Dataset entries
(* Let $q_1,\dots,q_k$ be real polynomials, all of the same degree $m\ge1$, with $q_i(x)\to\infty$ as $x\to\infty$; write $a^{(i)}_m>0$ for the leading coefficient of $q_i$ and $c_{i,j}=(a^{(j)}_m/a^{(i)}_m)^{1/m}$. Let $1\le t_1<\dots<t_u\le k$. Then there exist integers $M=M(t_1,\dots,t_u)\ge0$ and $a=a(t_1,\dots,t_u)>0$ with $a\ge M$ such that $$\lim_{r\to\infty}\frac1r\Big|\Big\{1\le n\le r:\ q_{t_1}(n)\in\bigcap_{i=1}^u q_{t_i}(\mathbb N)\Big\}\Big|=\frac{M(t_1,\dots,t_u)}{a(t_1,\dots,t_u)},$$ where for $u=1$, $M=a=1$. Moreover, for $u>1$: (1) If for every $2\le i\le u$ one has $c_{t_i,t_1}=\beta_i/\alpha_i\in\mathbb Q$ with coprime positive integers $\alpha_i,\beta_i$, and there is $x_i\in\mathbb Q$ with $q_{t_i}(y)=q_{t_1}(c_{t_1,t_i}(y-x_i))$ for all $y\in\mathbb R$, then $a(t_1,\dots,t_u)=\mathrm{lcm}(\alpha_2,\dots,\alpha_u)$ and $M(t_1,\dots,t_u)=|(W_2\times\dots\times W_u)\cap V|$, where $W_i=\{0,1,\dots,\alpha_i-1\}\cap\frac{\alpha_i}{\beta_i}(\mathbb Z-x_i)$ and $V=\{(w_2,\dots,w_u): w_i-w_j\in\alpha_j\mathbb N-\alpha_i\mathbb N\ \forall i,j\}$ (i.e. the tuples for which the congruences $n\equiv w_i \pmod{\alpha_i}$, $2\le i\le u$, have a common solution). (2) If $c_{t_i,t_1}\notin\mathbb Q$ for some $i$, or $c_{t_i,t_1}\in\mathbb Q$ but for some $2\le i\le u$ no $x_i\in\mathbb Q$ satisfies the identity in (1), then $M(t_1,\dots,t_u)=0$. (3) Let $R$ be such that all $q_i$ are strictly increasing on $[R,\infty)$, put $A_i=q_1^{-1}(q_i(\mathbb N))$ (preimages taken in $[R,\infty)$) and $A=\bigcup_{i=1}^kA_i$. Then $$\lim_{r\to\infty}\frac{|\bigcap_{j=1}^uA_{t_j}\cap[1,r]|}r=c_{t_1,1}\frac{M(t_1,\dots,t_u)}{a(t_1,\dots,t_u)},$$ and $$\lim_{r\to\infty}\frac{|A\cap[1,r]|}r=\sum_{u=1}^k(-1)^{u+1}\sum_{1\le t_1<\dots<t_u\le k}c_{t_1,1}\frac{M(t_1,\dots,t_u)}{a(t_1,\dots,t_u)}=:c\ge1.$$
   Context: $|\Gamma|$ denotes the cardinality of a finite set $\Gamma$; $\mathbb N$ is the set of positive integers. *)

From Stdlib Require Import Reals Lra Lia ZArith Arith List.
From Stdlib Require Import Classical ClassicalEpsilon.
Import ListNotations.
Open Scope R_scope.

• Required work
Beginning with the line that has "Context: $|\Gamma|$ denotes", set down each line through the last one above, exactly, and nothing else.

• Your solution
   Context: $|\Gamma|$ denotes the cardinality of a finite set $\Gamma$; $\mathbb N$ is the set of positive integers. *)

From Stdlib Require Import Reals Lra Lia ZArith Arith List.
From Stdlib Require Import Classical ClassicalEpsilon.
Import ListNotations.
Open Scope R_scope.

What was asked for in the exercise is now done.